= Action item =
Among the records that follow, set down only the lines from the one containing "(forall o, o <>" to the one containing "Obj) : Prop", both included, exactly.

= Extracted records =
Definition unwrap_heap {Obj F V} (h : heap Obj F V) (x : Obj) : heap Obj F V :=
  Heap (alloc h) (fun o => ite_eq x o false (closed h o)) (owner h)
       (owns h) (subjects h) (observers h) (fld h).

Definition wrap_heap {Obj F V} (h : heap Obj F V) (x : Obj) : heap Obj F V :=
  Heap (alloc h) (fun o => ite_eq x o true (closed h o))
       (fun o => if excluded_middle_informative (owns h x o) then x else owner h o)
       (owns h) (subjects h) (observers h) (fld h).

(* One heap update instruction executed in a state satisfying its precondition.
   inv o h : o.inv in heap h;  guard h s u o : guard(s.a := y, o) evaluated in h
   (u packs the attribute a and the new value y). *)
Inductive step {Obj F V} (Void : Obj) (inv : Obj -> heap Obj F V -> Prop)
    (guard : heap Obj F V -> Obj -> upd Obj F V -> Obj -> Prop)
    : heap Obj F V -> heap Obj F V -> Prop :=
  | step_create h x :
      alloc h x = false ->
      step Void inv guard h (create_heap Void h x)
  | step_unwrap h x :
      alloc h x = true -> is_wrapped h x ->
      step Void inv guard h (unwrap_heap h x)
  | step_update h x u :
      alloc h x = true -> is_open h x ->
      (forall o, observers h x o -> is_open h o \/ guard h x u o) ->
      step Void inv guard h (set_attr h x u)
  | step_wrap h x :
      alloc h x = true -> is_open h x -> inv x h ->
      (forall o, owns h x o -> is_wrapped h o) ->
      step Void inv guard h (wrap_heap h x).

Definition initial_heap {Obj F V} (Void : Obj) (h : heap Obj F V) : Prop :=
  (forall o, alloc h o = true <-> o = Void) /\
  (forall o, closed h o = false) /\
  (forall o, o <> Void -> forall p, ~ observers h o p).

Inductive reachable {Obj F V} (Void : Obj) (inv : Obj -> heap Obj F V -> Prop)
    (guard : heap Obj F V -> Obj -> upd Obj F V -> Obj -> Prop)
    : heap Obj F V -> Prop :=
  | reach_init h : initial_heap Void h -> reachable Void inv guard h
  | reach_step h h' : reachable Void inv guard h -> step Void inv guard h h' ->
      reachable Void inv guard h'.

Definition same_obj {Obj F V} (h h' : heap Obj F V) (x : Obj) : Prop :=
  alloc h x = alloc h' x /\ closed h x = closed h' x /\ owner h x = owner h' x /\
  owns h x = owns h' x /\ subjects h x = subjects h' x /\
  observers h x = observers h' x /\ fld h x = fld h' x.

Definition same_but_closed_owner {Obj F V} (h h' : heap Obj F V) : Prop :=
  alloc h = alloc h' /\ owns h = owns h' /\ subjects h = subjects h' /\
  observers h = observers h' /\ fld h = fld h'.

= Problem solution =
  (forall o, o <> Void -> forall p, ~ observers h o p).

Inductive reachable {Obj F V} (Void : Obj) (inv : Obj -> heap Obj F V -> Prop)
    (guard : heap Obj F V -> Obj -> upd Obj F V -> Obj -> Prop)
    : heap Obj F V -> Prop :=
  | reach_init h : initial_heap Void h -> reachable Void inv guard h
  | reach_step h h' : reachable Void inv guard h -> step Void inv guard h h' ->
      reachable Void inv guard h'.

Definition same_obj {Obj F V} (h h' : heap Obj F V) (x : Obj) : Prop :=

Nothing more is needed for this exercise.